(Dataset entries)
(* Let $K$ be a commutative unital ring, $k<n$ in $\mathbb{N}^*$, and $\bar a,\bar b=(b_1,\dots,b_k),\bar c=(c_1,\dots,c_k)\in K^k$. Put $d_i:=b_ic_i$ ($1\le i\le k$), $\bar d:=(d_1,\dots,d_k)$, $d:=d_1\cdots d_k$, $U(i):=U_i(\pi^{\bar a,-\bar d}(k,k),d)$ for $i\in\mathbb{N}$, and write $n=mk+r$ with $0\le r<k$ (so $m\ge1$). Then \[\det T^k_n(\bar a,\bar b,\bar c)=U(m)\,\alpha^{\bar a,-\bar d}(k+r,k)-d\,U(m-1)\,\alpha^{\bar a,-\bar d}(r,k)\] \[=U(m+1)\,\alpha^{\bar a,-\bar d}(r,k)+d_kd_1\cdots d_r\,U(m)\,\alpha^{\bar a,-\bar d}_{r+1}(k-r-2,k).\] In particular, if $r=k-1$ then $\det T^k_{mk+k-1}(\bar a,\bar b,\bar c)=U(m+1)\,\det T^k_{k-1}(\bar a,\bar b,\bar c)=U(m+1)\alpha^{\bar a,-\bar d}(k-1,k)$.
   Context: Vectors in $K^k$ are extended periodically ($a_{i+k}:=a_i$), $-\bar d$ componentwise. $T^k_n(\bar a,\bar b,\bar c)\in M_n(K)$ is the tridiagonal matrix with diagonal $a_1,\dots,a_n$, superdiagonal $b_1,\dots,b_{n-1}$, subdiagonal $c_1,\dots,c_{n-1}$, zeros elsewhere. $U_m(x,y):=\sum_{i=0}^{\lfloor (m-1)/2\rfloor}(-1)^i\binom{m-1-i}{i}x^{m-1-2i}y^i$ (so $U_0=0$, $U_1=1$). In $P=\mathbb{Z}[x_1,\dots,x_k,y_1,\dots,y_k]$, indices are periodic ($x_{i+k}:=x_i$, $y_{i+k}:=y_i$); shift $f_s:=f(x_{s+1},\dots,x_{s+k},y_{s+1},\dots,y_{s+k})$; for $\bar a,\bar e\in K^k$, $f^{\bar a,\bar e}$ is the image of $f$ under $x_i\mapsto a_i$, $y_i\mapsto e_i$, and $f_s^{\bar a,\bar e}:=(f_s)^{\bar a,\bar e}$. Write $[r]=\{1,\dots,r\}$, $S+1=\{s+1:s\in S\}$. For $0\le r\le k$, $\alpha(r,k):=\sum_{S}\prod_{i\in S}y_i\prod_{j\in[r]\setminus(S\cup(S+1))}x_j$ over subsets $S\subseteq\{1,\dots,r-1\}$ with no two consecutive integers; $\alpha(-1,k):=0$; for $r>k$, $\alpha(r,k):=x_r\alpha(r-1,k)+y_{r-1}\alpha(r-2,k)$; $\alpha_s(r,k):=(\alpha(r,k))_s$. $\beta(0,k)=\beta(1,k):=0$ and for $2\le r\le k+1$, $\beta(r,k):=\sum_S y_k\prod_{i\in S}y_i\prod_{j\in\{2,\dots,r-1\}\setminus(S\cup(S+1))}x_j$ over $S\subseteq\{2,\dots,r-2\}$ with no two consecutive integers. $\pi(r,k):=\alpha(r,k)+\beta(r,k)$ for $0\le r\le k$. *)

From HB Require Import structures.
From mathcomp Require Import all_boot all_order all_algebra.
Set Implicit Arguments. Unset Strict Implicit. Unset Printing Implicit Defensive.
Import Order.TTheory GRing.Theory Num.Theory.
Local Open Scope ring_scope.

Section Defs.
Variable K : comPzRingType.

(* periodic extension of a vector (a_1,...,a_k), 1-indexed: a_i := a_{((i-1) mod k) + 1} *)
Definition per (k : nat) (a : k.-tuple K) (i : nat) : K := nth 0 (val a) ((i.-1) %% k).

Definition memn (N : nat) (S : {set 'I_N}) (j : nat) : bool :=
  [exists i in S, (val i == j)].

Definition nocons (N : nat) (S : {set 'I_N}) : bool :=
  [forall i in S, forall j in S, val j != (val i).+1].

(* alpha(r,k) for 0 <= r <= k, evaluated at x_i |-> x i, y_i |-> y i:
   sum over S subset of {1..r-1}, no two consecutive, of
   prod_{i in S} y_i * prod_{j in [r] \ (S u (S+1))} x_j *)
Definition alpha_base (x y : nat -> K) (r : nat) : K :=
  \sum_(S : {set 'I_r.+1} | [forall i in S, (0 < val i < r)%N] && nocons S)
     (\prod_(i in S) y (val i)) *
     \prod_(1 <= j < r.+1 | ~~ memn S j && ~~ memn S j.-1) x j.

Definition beta_base (x y : nat -> K) (k r : nat) : K :=
  if (r < 2)%N then 0 else
  \sum_(S : {set 'I_r.+1} | [forall i in S, (2 <= val i < r.-1)%N] && nocons S)
     y k * (\prod_(i in S) y (val i)) *
     \prod_(2 <= j < r | ~~ memn S j && ~~ memn S j.-1) x j.

(* alpha_pair r = (alpha(r,k), alpha(r-1,k)), with alpha(-1,k) = 0, and the
   recursion alpha(r,k) = x_r alpha(r-1,k) + y_{r-1} alpha(r-2,k) for r > k *)
Fixpoint alpha_pair (x y : nat -> K) (k r : nat) : K * K :=
  match r with
  | 0 => (alpha_base x y 0, 0)
  | r'.+1 =>
      if (r'.+1 <= k)%N then (alpha_base x y r'.+1, alpha_base x y r')
      else let p := alpha_pair x y k r' in (x r'.+1 * p.1 + y r' * p.2, p.1)
  end.

Definition alpha (x y : nat -> K) (k r : nat) : K := (alpha_pair x y k r).1.
(* alpham1 k n = alpha(n-1,k) for n >= 0 (so alpham1 k 0 = alpha(-1,k) = 0) *)
Definition alpham1 (x y : nat -> K) (k n : nat) : K := (alpha_pair x y k n).2.

Definition pi_ (x y : nat -> K) (k r : nat) : K := alpha x y k r + beta_base x y k r.

(* shifted sequence: used for f_s (x_i |-> x_{s+i}) *)
Definition shiftn (x : nat -> K) (s : nat) : nat -> K := fun i => x (s + i)%N.

Definition Ucheb (m : nat) (x y : K) : K :=
  if m is 0 then 0 else
  \sum_(i < (m.-1)./2.+1)
     (-1) ^+ i * ('C(m.-1 - i, i))%:R * x ^+ (m.-1 - i.*2) * y ^+ i.

Definition Tmat (k : nat) (a b c : k.-tuple K) (n : nat) : 'M[K]_n :=
  \matrix_(i < n, j < n)
    if val i == val j then per a (val i).+1
    else if val j == (val i).+1 then per b (val i).+1
    else if val i == (val j).+1 then per c (val j).+1
    else 0.

End Defs.

From HB Require Import structures.
From mathcomp Require Import all_boot all_order all_algebra.
From mathcomp Require Import ring zify.
Set Implicit Arguments. Unset Strict Implicit. Unset Printing Implicit Defensive.
Import Order.TTheory GRing.Theory Num.Theory.
Local Open Scope ring_scope.

(* The proof views everything through second-order linear recurrences
   f(n+2) = X(n) f(n+1) + Y(n) f(n).  Choosing X(n) = a_(n+1) and
   Y(n) = -d_n (with Y(0) = -d_k) makes det T_n = A(n+1), where A and B are
   the fundamental solutions with initial values (0, 1) and (1, 0).
   1. For k-periodic coefficients, A(n + 2k) = tr * A(n + k) - det * A(n),
      where tr = A(k+1) + B(k) and det is the Casoratian A(k+1)B(k) - A(k)B(k+1)
      = d; hence along each residue class mod k the determinants satisfy the
      Chebyshev recurrence s(j+2) = tr s(j+1) - d s(j), solved by U_m.
   2. The non-consecutive subset sums alpha(r, k) and beta(r, k) satisfy the
      continuant recurrence, so alpha(r, k) = A(r+1), beta(k, k) = B(k) and
      pi(k, k) = tr.
   3. The second formula rewrites alpha(k + r) - pi alpha(r) through the
      Casoratian identity, which yields the shifted alpha_(r+1)(k-r-2, k). *)

Section LinearRecurrence.
Variable K : comPzRingType.
Implicit Types (X Y f g : nat -> K) (u v : K).

Definition is_rsol X Y f := forall n, f n.+2 = X n * f n.+1 + Y n * f n.

Fixpoint rsol_pair X Y (f0 f1 : K) n : K * K :=
  if n is n'.+1 then let p := rsol_pair X Y f0 f1 n' in (p.2, X n' * p.2 + Y n' * p.1)
  else (f0, f1).

Definition rsol X Y (f0 f1 : K) n : K := (rsol_pair X Y f0 f1 n).1.

Lemma rsolP X Y (f0 f1 : K) : is_rsol X Y (rsol X Y f0 f1).
Proof. by []. Qed.

Lemma rsol_unique X Y f g : is_rsol X Y f -> is_rsol X Y g ->
  f 0%N = g 0%N -> f 1%N = g 1%N -> f =1 g.
Proof.
move=> Hf Hg E0 E1 n; suff [] : f n = g n /\ f n.+1 = g n.+1 by [].
by elim: n => [|n [IH1 IH2]]; split; rewrite // Hf Hg IH1 IH2.
Qed.

Lemma is_rsol_lin X Y f g u v : is_rsol X Y f -> is_rsol X Y g ->
  is_rsol X Y (fun n => u * f n + v * g n).
Proof. by move=> Hf Hg n; rewrite Hf Hg; ring. Qed.

Lemma is_rsol_shift X Y f s : is_rsol X Y f ->
  is_rsol (fun n => X (s + n)%N) (fun n => Y (s + n)%N) (fun n => f (s + n)%N).
Proof. by move=> Hf n; rewrite !addnS Hf. Qed.

Lemma rsol_decomp X Y f : is_rsol X Y f ->
  forall n, f n = f 1%N * rsol X Y 0 1 n + f 0%N * rsol X Y 1 0 n.
Proof.
move=> Hf; apply: rsol_unique => //; last by rewrite /rsol /=; ring.
  exact/is_rsol_lin/rsolP/rsolP.
by rewrite /rsol /=; ring.
Qed.

Section Fundamental.
Variables X Y : nat -> K.
Local Notation A := (rsol X Y 0 1).
Local Notation B := (rsol X Y 1 0).

Definition casor n := A n.+1 * B n - A n * B n.+1.

Lemma casor_prod n : casor n = \prod_(0 <= i < n) (- Y i).
Proof.
elim: n => [|n IH]; first by rewrite big_geq // /casor /rsol /=; ring.
by rewrite big_nat_recr //= -IH /casor !rsolP; ring.
Qed.

(* The combination of A and B vanishing at n is casor n times the
   fundamental solution of the recurrence shifted by n. *)
Lemma casor_shift n j :
  A (n + j)%N * B n - B (n + j)%N * A n =
  casor n * rsol (fun i => X (n + i)%N) (fun i => Y (n + i)%N) 0 1 j.
Proof.
have Hs : is_rsol X Y (fun i => B n * A i + (- A n) * B i) by exact/is_rsol_lin/rsolP/rsolP.
have /= E := rsol_decomp (is_rsol_shift n Hs) j.
transitivity (B n * A (n + j)%N + - A n * B (n + j)%N); first ring.
by rewrite E addn0 addn1 /casor; ring.
Qed.

Variable k : nat.
Hypothesis X_period : forall n, X (n + k)%N = X n.
Hypothesis Y_period : forall n, Y (n + k)%N = Y n.

Lemma is_rsol_period f : is_rsol X Y f -> is_rsol X Y (fun n => f (n + k)%N).
Proof. by move=> Hf n; rewrite /= !addSn Hf X_period Y_period. Qed.

Lemma fund_shift_period (f0 f1 : K) n :
  rsol X Y f0 f1 (n + k) = rsol X Y f0 f1 k.+1 * A n + rsol X Y f0 f1 k * B n.
Proof. by rewrite (rsol_decomp (is_rsol_period (rsolP X Y f0 f1)) n). Qed.

(* Shifting by two periods: the trace A(k+1) + B(k) and the determinant
   casor k of the monodromy matrix govern the sequence n -> A(n + jk). *)
Lemma period_step n : A (n + k + k)%N = (A k.+1 + B k) * A (n + k)%N - casor k * A n.
Proof. by rewrite !fund_shift_period /casor; ring. Qed.

End Fundamental.
End LinearRecurrence.

Section Chebyshev.
Variable K : comPzRingType.
Variables t d : K.

Definition cheb_term (m i : nat) : K :=
  (-1) ^+ i * ('C(m - i, i))%:R * t ^+ (m - i.*2) * d ^+ i.

Lemma cheb_term0 m : cheb_term m 0 = t ^+ m.
Proof. by rewrite /cheb_term !subn0 bin0 !expr0 !mulr1 mul1r. Qed.

Lemma cheb_term_small m i : (m < i.*2)%N -> cheb_term m i = 0.
Proof. by move=> Hmi; rewrite /cheb_term bin_small ?mulr0 ?mul0r //; lia. Qed.

(* Pascal's rule for the terms. *)
Lemma cheb_term_rec m i :
  cheb_term m.+2 i.+1 = t * cheb_term m.+1 i.+1 - d * cheb_term m i.
Proof.
have [Him|Hmi] := leqP i m; last by rewrite !cheb_term_small ?doubleS //; [ring | lia..].
rewrite /cheb_term (_ : (m.+2 - i.+1 = (m - i).+1)%N); last lia.
rewrite (_ : (m.+1 - i.+1 = m - i)%N); last lia.
rewrite (_ : (m.+2 - (i.+1).*2 = m - i.*2)%N); last by rewrite doubleS; lia.
rewrite binS natrD; have [Hm|Hm] := leqP i.*2.+1 m.
  by rewrite (_ : (m - i.*2 = (m.+1 - (i.+1).*2).+1)%N) ?exprS; [ring | rewrite doubleS; lia].
by rewrite (@bin_small (m - i) i.+1) ?exprS; [ring | lia].
Qed.

Lemma Ucheb1 : Ucheb 1 t d = 1.
Proof. by rewrite /Ucheb /= big_ord1 bin0 !mulr1. Qed.

(* Extending the summation range of U_(m+1) adds only vanishing terms. *)
Lemma Ucheb_terms m : Ucheb m.+1 t d = \sum_(i < m.+1) cheb_term m i.
Proof.
have Hle : (m./2.+1 <= m.+1)%N by rewrite ltnS leq_half_double; lia.
rewrite /Ucheb /= (big_ord_widen _ (cheb_term m) Hle) big_mkcond /=.
apply: eq_bigr => i _; case: ifP => // /negbT; rewrite -leqNgt ltn_half_double => Hi.
by rewrite cheb_term_small.
Qed.

Lemma Ucheb_rec m : Ucheb m.+2 t d = t * Ucheb m.+1 t d - d * Ucheb m t d.
Proof.
case: m => [|m].
  rewrite Ucheb1 Ucheb_terms !big_ord_recr big_ord0 /= cheb_term0 cheb_term_small //.
  by rewrite /Ucheb; ring.
rewrite !Ucheb_terms big_ord_recl cheb_term0.
under eq_bigr do rewrite cheb_term_rec.
rewrite sumrB -!mulr_sumr (big_ord_recl m.+1 (cheb_term m.+1)) cheb_term0.
rewrite (big_ord_recr m.+1 (cheb_term m)) (big_ord_recr m.+1 (fun i => cheb_term m.+1 i.+1)) /=.
rewrite (_ : \sum_(i < m.+1) cheb_term m.+1 (bump 0 i) = \sum_(i < m.+1) cheb_term m.+1 i.+1) //.
by rewrite !cheb_term_small ?doubleS ?exprS //; [ring | lia..].
Qed.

ABOUT THIS TASK - Using only the entries above, output the line with "f(n+2) = X(n)", the line with "Chebyshev recurrence s(j+2)", and all lines between them, exactly as they stand.

SOLUTION BELOW -
   f(n+2) = X(n) f(n+1) + Y(n) f(n).  Choosing X(n) = a_(n+1) and
   Y(n) = -d_n (with Y(0) = -d_k) makes det T_n = A(n+1), where A and B are
   the fundamental solutions with initial values (0, 1) and (1, 0).
   1. For k-periodic coefficients, A(n + 2k) = tr * A(n + k) - det * A(n),
      where tr = A(k+1) + B(k) and det is the Casoratian A(k+1)B(k) - A(k)B(k+1)
      = d; hence along each residue class mod k the determinants satisfy the
      Chebyshev recurrence s(j+2) = tr s(j+1) - d s(j), solved by U_m.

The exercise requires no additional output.